:: MATERIAL TO PROCESS ::
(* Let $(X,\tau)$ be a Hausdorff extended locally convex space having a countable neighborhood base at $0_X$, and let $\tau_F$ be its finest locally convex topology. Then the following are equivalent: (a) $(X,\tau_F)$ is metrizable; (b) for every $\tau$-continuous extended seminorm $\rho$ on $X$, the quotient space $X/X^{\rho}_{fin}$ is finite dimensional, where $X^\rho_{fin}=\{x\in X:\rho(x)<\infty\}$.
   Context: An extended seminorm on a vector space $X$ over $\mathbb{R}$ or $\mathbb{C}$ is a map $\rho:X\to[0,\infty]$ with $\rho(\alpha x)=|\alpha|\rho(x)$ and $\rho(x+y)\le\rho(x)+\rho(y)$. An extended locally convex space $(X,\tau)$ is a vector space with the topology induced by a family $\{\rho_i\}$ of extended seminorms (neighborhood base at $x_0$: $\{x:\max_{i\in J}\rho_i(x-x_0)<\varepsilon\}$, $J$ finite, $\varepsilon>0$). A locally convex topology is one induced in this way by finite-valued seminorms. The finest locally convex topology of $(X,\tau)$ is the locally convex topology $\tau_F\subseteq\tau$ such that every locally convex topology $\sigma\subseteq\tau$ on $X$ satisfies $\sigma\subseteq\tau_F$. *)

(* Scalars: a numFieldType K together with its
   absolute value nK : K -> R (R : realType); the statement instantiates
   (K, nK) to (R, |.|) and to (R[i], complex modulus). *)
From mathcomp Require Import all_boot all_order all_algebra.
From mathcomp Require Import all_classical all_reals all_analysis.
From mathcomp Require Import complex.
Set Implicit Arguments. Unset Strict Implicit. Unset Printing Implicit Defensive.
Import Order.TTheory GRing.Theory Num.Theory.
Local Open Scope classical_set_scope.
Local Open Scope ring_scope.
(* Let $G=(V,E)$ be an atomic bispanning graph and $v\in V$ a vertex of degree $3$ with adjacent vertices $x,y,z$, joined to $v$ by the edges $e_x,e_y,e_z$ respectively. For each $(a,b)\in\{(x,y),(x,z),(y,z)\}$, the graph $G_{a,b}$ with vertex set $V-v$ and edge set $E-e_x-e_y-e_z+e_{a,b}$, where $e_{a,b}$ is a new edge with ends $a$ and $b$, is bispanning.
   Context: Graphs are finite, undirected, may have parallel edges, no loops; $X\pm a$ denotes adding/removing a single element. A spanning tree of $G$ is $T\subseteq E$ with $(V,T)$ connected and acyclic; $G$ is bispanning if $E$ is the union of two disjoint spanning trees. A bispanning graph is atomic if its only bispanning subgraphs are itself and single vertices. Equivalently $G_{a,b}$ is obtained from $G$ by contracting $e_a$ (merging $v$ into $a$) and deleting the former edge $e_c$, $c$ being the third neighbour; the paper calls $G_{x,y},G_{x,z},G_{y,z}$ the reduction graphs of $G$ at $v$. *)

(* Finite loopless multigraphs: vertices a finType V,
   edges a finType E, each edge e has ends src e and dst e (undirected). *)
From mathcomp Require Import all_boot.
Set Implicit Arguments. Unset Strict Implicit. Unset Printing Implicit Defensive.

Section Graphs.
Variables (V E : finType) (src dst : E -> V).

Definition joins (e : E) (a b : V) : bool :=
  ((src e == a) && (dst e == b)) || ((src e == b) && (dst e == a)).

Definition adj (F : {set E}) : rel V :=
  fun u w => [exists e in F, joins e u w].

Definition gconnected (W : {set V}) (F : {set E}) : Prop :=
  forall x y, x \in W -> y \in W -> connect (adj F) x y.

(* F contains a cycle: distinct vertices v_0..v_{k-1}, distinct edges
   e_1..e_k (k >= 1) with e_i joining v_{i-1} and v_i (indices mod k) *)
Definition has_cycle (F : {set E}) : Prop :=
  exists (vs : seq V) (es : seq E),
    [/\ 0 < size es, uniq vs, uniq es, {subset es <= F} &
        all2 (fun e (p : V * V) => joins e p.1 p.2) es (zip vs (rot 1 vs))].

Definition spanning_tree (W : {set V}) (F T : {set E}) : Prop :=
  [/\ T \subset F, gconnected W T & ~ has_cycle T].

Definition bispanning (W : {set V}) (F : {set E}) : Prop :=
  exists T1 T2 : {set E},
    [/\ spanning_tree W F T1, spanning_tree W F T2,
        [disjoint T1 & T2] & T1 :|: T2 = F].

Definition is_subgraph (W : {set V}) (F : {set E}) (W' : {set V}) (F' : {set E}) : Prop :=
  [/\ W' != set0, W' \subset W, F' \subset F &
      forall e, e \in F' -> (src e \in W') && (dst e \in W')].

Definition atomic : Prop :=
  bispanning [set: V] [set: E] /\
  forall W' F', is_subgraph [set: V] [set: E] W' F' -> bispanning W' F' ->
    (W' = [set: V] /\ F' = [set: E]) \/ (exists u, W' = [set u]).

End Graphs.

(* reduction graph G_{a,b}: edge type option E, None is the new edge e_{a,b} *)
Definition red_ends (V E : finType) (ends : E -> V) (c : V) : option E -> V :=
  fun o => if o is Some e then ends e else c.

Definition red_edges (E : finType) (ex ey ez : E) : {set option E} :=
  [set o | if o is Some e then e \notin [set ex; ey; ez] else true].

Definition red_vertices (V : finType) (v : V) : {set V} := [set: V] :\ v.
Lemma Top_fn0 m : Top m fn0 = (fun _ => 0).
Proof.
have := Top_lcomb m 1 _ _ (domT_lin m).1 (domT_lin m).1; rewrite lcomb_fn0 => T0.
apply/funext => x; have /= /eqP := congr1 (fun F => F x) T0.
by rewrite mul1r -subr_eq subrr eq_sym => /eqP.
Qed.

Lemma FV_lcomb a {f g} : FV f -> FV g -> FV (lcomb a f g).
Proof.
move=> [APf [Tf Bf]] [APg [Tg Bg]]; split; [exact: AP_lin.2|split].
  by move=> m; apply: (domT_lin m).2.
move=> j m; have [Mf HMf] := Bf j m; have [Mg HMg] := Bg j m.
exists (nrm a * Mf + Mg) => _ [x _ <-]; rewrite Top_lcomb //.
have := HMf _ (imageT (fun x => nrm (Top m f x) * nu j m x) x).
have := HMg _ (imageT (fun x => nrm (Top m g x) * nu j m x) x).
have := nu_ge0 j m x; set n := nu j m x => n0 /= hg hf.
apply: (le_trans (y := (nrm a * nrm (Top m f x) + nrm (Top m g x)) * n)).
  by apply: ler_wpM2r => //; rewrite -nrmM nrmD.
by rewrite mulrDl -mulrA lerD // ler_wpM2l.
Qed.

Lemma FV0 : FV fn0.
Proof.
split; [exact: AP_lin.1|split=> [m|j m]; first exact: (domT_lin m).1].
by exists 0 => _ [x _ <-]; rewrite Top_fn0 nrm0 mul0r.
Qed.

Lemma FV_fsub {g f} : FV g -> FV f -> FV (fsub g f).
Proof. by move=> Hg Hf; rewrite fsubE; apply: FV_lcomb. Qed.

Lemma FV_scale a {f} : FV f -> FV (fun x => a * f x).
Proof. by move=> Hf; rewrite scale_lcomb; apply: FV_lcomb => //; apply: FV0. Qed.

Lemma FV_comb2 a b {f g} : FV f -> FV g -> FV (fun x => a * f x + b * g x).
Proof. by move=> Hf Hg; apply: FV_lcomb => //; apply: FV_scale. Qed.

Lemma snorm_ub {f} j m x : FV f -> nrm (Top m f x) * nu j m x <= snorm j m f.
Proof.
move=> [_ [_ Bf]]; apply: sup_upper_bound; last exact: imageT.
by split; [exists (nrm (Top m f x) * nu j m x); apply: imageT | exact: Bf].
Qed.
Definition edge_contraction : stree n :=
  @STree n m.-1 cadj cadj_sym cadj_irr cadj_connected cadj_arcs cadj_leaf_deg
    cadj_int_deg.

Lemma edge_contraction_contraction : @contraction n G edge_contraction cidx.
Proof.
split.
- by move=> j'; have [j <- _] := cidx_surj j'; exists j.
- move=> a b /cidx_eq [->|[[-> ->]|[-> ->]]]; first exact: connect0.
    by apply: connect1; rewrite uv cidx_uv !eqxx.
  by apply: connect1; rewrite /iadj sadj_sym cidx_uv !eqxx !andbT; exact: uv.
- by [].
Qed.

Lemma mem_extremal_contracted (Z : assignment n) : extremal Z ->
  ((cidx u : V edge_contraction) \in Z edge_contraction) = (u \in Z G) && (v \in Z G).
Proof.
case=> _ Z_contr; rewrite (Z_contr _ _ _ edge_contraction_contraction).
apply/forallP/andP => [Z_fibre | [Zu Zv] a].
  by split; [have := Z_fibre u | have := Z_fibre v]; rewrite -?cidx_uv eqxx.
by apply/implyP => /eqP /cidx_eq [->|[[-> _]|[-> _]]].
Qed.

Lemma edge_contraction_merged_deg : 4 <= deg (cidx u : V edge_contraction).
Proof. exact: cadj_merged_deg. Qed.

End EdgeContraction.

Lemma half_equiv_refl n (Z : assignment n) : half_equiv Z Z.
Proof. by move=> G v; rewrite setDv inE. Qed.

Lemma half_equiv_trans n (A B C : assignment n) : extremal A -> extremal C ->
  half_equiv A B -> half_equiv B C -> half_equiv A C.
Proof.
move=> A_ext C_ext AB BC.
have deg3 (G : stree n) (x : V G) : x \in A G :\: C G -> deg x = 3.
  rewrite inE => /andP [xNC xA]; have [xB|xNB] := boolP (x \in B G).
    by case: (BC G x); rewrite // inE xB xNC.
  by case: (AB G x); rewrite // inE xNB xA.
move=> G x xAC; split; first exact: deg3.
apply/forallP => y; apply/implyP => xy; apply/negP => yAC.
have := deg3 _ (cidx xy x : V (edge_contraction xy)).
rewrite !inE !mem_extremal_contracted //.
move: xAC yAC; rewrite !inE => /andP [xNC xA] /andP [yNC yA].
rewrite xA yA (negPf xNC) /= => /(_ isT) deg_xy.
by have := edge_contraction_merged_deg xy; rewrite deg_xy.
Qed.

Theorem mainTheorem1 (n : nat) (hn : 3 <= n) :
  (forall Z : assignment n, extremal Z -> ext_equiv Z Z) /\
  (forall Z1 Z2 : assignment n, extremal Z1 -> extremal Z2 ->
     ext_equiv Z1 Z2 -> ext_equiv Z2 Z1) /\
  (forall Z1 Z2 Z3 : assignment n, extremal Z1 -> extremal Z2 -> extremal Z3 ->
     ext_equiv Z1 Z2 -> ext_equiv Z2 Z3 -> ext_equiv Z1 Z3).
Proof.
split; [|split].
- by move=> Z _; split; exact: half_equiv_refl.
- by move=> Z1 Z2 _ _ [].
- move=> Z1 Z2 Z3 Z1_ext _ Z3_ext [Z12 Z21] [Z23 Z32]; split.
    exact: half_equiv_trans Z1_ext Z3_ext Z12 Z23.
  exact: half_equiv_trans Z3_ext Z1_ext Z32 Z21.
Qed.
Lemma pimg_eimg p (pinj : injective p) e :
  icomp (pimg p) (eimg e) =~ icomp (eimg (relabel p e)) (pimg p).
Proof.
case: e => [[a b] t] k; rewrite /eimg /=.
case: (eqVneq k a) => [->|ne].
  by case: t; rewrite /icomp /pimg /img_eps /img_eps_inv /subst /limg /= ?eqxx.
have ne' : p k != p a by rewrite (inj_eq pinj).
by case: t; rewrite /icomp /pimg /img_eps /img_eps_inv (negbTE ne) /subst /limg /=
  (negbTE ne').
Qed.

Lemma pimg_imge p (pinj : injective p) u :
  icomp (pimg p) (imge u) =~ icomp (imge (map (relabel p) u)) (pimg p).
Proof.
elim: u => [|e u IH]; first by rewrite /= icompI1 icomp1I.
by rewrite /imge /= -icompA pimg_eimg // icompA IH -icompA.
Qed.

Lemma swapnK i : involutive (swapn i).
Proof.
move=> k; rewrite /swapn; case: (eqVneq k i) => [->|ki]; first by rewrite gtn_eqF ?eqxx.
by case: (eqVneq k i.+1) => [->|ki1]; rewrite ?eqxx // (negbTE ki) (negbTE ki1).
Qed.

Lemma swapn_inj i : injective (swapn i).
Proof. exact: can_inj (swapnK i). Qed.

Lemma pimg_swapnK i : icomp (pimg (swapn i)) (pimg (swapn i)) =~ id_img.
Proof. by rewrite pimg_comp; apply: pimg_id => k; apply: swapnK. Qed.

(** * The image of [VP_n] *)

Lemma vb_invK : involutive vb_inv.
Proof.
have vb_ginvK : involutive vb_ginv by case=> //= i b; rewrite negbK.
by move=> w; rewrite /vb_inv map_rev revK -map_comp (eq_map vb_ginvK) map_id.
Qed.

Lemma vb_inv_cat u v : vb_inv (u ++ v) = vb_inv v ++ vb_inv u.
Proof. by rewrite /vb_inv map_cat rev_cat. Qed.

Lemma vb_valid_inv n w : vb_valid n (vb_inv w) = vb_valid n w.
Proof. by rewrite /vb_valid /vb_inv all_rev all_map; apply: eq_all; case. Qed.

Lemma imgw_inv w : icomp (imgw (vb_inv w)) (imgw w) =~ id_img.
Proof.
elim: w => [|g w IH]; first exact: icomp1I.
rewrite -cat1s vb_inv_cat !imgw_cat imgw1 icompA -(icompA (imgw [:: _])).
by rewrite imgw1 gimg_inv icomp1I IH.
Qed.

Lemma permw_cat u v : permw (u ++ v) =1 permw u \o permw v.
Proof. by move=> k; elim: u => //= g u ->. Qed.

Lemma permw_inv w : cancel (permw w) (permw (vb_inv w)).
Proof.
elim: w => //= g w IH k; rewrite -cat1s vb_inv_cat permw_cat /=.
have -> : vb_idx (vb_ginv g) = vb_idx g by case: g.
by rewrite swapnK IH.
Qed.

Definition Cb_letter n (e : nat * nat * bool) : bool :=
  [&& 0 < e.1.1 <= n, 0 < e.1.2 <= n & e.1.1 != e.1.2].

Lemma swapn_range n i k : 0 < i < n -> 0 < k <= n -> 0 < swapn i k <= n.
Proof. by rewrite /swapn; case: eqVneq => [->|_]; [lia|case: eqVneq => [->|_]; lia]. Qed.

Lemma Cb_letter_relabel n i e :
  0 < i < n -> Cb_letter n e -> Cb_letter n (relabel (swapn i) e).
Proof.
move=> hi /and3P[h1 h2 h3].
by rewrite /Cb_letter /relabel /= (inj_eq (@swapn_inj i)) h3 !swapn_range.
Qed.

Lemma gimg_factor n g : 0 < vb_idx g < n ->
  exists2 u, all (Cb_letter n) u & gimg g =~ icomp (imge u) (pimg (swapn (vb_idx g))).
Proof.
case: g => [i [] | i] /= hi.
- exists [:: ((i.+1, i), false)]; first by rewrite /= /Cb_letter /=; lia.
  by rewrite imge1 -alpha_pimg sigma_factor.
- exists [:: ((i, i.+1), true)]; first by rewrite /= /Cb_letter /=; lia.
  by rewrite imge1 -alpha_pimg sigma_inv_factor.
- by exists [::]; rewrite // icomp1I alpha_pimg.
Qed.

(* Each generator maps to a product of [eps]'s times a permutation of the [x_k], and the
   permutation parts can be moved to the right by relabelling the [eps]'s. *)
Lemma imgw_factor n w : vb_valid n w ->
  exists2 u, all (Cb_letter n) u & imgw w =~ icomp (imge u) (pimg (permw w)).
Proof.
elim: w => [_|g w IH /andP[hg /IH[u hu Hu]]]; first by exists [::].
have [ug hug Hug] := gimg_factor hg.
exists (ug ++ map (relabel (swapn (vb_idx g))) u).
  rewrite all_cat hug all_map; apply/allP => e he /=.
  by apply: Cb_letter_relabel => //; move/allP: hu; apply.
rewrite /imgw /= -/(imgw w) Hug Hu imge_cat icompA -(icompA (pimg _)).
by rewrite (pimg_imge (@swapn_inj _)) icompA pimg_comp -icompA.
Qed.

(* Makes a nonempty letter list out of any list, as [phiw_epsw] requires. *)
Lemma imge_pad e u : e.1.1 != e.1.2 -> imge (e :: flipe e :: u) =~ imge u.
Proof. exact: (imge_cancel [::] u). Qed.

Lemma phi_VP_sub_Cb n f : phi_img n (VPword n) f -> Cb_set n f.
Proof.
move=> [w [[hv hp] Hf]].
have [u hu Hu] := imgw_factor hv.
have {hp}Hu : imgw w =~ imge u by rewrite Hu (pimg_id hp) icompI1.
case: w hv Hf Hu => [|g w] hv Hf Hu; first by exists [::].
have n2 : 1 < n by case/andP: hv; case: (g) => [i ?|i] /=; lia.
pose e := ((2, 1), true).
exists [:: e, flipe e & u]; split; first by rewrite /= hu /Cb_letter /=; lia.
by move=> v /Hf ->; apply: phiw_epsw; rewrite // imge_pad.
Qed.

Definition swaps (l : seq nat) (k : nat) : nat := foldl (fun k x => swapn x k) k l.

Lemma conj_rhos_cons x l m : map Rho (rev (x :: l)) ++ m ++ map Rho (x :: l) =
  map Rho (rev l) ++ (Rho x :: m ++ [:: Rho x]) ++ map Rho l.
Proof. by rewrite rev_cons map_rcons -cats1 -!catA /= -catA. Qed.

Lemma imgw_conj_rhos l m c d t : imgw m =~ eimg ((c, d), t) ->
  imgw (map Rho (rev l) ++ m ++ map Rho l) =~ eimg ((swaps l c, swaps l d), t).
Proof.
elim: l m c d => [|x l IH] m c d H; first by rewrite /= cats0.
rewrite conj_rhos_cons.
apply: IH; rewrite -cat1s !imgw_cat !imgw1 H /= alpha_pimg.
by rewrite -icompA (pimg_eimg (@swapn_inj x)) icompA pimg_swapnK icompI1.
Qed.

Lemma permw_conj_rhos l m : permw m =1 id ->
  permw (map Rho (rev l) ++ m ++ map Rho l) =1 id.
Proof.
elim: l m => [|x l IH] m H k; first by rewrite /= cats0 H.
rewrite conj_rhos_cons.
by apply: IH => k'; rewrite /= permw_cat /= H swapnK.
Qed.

:: TASK TO CARRY OUT ::
Could you restate, word for word, the lines above from the one with "by case: t; rewrite /icomp /pimg /img_eps /img_eps_inv /subst" to the one with "elim: u => [|e", both included?

:: RESULT OF THE TASK ::
  by case: t; rewrite /icomp /pimg /img_eps /img_eps_inv /subst /limg /= ?eqxx.
have ne' : p k != p a by rewrite (inj_eq pinj).
by case: t; rewrite /icomp /pimg /img_eps /img_eps_inv (negbTE ne) /subst /limg /=
  (negbTE ne').
Qed.

Lemma pimg_imge p (pinj : injective p) u :
  icomp (pimg p) (imge u) =~ icomp (imge (map (relabel p) u)) (pimg p).
Proof.
elim: u => [|e u IH]; first by rewrite /= icompI1 icomp1I.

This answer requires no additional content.